[Start of Attachment]

(* Let $G=A_n$ be the alternating group with $n\ge 5$, and let $p$ be an odd prime dividing $|G|$. Then $d_{p'}(G)\le 1/(p-1)$. Furthermore, equality holds if and only if $p=5$ and $n=5$ (i.e. $G=A_5\cong\mathrm{PSL}_2(5)$).
   Context: For a finite group $G$ and prime $p$, $k_{p'}(G)$ denotes the number of conjugacy classes of elements of $G$ whose order is not divisible by $p$, $|G|_{p'}$ is the largest divisor of $|G|$ coprime to $p$, and $d_{p'}(G)=k_{p'}(G)/|G|_{p'}$. *)

From mathcomp Require Import all_boot all_order all_algebra all_fingroup all_solvable.
Set Implicit Arguments. Unset Strict Implicit. Unset Printing Implicit Defensive.

Definition kp' (gT : finGroupType) (p : nat) (G : {set gT}) : nat :=
  #|[set (x ^: G)%g | x in G & (p^'.-elt x)%g]|.

Definition dp' (gT : finGroupType) (p : nat) (G : {set gT}) : rat :=
  ((kp' p G)%:R / (#|G|`_p^')%:R)%R.

From mathcomp Require Import all_boot all_order all_algebra all_fingroup all_solvable.
From mathcomp Require Import zify.
Set Implicit Arguments. Unset Strict Implicit. Unset Printing Implicit Defensive.
Import GRing.Theory Num.Theory.

(** Every permutation of 'I_n is conjugate in Sym(n) to the block permutation
   whose cycles are consecutive intervals, of lengths given by its cycle type.
   A Sym(n)-class inside Alt(n) is therefore one Alt(n)-class or two, told
   apart by the parity of a conjugator from the block permutation, and it is
   one when the block permutation commutes with a transposition.  Bounding the
   number of cycle types by the 2^(n-1) compositions of n gives
   k_{p'}(A_n) <= 2^n, which is below |A_n|_{p'}/(p-1) for n >= 8 because
   (n!)_{p'} still grows like a factorial.  For n <= 7 the bound obtained from
   the even cycle types of elements not of order p is evaluated; it reaches
   |A_n|_{p'}/(p-1) only for n = p = 5, where Cauchy's theorem provides
   5'-elements of orders 1, 2 and 3, hence three classes. *)

(* [blocks_succ l] is the successor map of the permutation of [0, sumn l)
   whose cycles are the consecutive intervals of lengths [l]; it is the
   identity beyond [sumn l]. *)
Fixpoint blocks_succ (l : seq nat) (k : nat) : nat :=
  if l is a :: l' then
    if k < a then k.+1 %% a else a + blocks_succ l' (k - a)
  else k.

Lemma blocks_succ_lt l k : k < sumn l -> blocks_succ l k < sumn l.
Proof.
elim: l k => [|a l IHl] k //= k_lt; case: (ltnP k a) => [k_lt_a | a_le_k].
  by rewrite ltn_addr // ltn_pmod //; lia.
by rewrite ltn_add2l IHl //; lia.
Qed.

(* Evaluable counterparts, on [nat], of "the block permutation of [l] has
   order [p]" (for prime [p]) and "it commutes with a transposition". *)
Definition blocks_of_order (p : nat) (l : seq nat) : bool :=
  all (fun k => iter p (blocks_succ l) k == k) (iota 0 (sumn l)) &&
  has (fun k => blocks_succ l k != k) (iota 0 (sumn l)).

Definition tswap (i j k : nat) : nat := if k == i then j else if k == j then i else k.

Definition tswap_centralizes (l : seq nat) : bool :=
  let I := iota 0 (sumn l) in
  has (fun i => has (fun j => (i != j) &&
    all (fun k => tswap i j (blocks_succ l k) == blocks_succ l (tswap i j k)) I) I) I.

Section CyclicBlocks.
Variables (T : eqType) (f : T -> T) (x0 : T).

Definition cyclic_by (t : seq T) :=
  forall j, j < size t -> f (nth x0 t j) = nth x0 t (j.+1 %% size t).

Lemma cyclic_by_flatten (ts : seq (seq T)) :
    (forall t, t \in ts -> cyclic_by t) ->
  forall k, k < size (flatten ts) ->
  f (nth x0 (flatten ts) k) = nth x0 (flatten ts) (blocks_succ (shape ts) k).
Proof.
elim: ts => [|t ts IHts] cyc_ts k //=; rewrite size_cat => k_lt.
have cyc_t := cyc_ts t (mem_head _ _).
rewrite !nth_cat; case: (ltnP k (size t)) => [k_lt_t | t_le_k].
  by rewrite ltn_pmod ?cyc_t //; lia.
rewrite ltnNge leq_addr /= addKn IHts //; last by lia.
by move=> u u_ts; apply: cyc_ts; rewrite inE u_ts orbT.
Qed.

End CyclicBlocks.

Section CycleDecomposition.
Variable n : nat.
Implicit Types (x : {perm 'I_n}) (y : 'I_n) (l : seq nat).
Open Scope group_scope.

Definition orbit_rep x y : 'I_n := odflt y [pick z in porbit x y].

Definition orbit_reps x : seq 'I_n :=
  sort (fun a b => #|porbit x b| <= #|porbit x a|) (undup (map (orbit_rep x) (enum 'I_n))).

Definition cycles x : seq (seq 'I_n) :=
  [seq traject x r #|porbit x r| | r <- orbit_reps x].

Definition cycle_type x : seq nat := [seq #|porbit x r| | r <- orbit_reps x].

Lemma porbit_orbit_rep x y : porbit x (orbit_rep x y) = porbit x y.
Proof.
apply/eqP; rewrite eq_porbit_mem /orbit_rep.
by case: pickP => [z -> // | /(_ y)]; rewrite porbit_id.
Qed.

Lemma orbit_rep_idem x y : orbit_rep x (orbit_rep x y) = orbit_rep x y.
Proof. by rewrite {1}/orbit_rep porbit_orbit_rep /orbit_rep; case: pickP. Qed.

Lemma mem_orbit_reps x r : (r \in orbit_reps x) = (orbit_rep x r == r).
Proof.
rewrite mem_sort mem_undup; apply/mapP/eqP => [[y _ ->] | <-].
  exact: orbit_rep_idem.
by exists r; rewrite ?mem_enum.
Qed.

Lemma uniq_orbit_reps x : uniq (orbit_reps x).
Proof. by rewrite sort_uniq undup_uniq. Qed.

Lemma porbit_inj_orbit_reps x : {in orbit_reps x &, injective (porbit x)}.
Proof.
move=> r r'; rewrite !mem_orbit_reps => /eqP <- /eqP <-.
rewrite !porbit_orbit_rep /orbit_rep => ->.
by case: pickP => // /(_ r'); rewrite porbit_id.
Qed.

Lemma shape_cycles x : shape (cycles x) = cycle_type x.
Proof. by rewrite /shape -map_comp; apply: eq_map => r /=; rewrite size_traject. Qed.

Lemma mem_cycles x y : y \in flatten (cycles x).
Proof.
apply/flatten_mapP; exists (orbit_rep x y).
  by rewrite mem_orbit_reps orbit_rep_idem.
by rewrite -porbit_traject porbit_orbit_rep porbit_id.
Qed.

[End of Attachment]

Beginning with the line containing "number of cycle" in the material above, copy every line exactly until you have copied the line containing "Variables (T : eqType) (f : T -> T) (x0 : T).".

   number of cycle types by the 2^(n-1) compositions of n gives
   k_{p'}(A_n) <= 2^n, which is below |A_n|_{p'}/(p-1) for n >= 8 because
   (n!)_{p'} still grows like a factorial.  For n <= 7 the bound obtained from
   the even cycle types of elements not of order p is evaluated; it reaches
   |A_n|_{p'}/(p-1) only for n = p = 5, where Cauchy's theorem provides
   5'-elements of orders 1, 2 and 3, hence three classes. *)

(* [blocks_succ l] is the successor map of the permutation of [0, sumn l)
   whose cycles are the consecutive intervals of lengths [l]; it is the
   identity beyond [sumn l]. *)
Fixpoint blocks_succ (l : seq nat) (k : nat) : nat :=
  if l is a :: l' then
    if k < a then k.+1 %% a else a + blocks_succ l' (k - a)
  else k.

Lemma blocks_succ_lt l k : k < sumn l -> blocks_succ l k < sumn l.
Proof.
elim: l k => [|a l IHl] k //= k_lt; case: (ltnP k a) => [k_lt_a | a_le_k].
  by rewrite ltn_addr // ltn_pmod //; lia.
by rewrite ltn_add2l IHl //; lia.
Qed.

(* Evaluable counterparts, on [nat], of "the block permutation of [l] has
   order [p]" (for prime [p]) and "it commutes with a transposition". *)
Definition blocks_of_order (p : nat) (l : seq nat) : bool :=
  all (fun k => iter p (blocks_succ l) k == k) (iota 0 (sumn l)) &&
  has (fun k => blocks_succ l k != k) (iota 0 (sumn l)).

Definition tswap (i j k : nat) : nat := if k == i then j else if k == j then i else k.

Definition tswap_centralizes (l : seq nat) : bool :=
  let I := iota 0 (sumn l) in
  has (fun i => has (fun j => (i != j) &&
    all (fun k => tswap i j (blocks_succ l k) == blocks_succ l (tswap i j k)) I) I) I.

Section CyclicBlocks.
Variables (T : eqType) (f : T -> T) (x0 : T).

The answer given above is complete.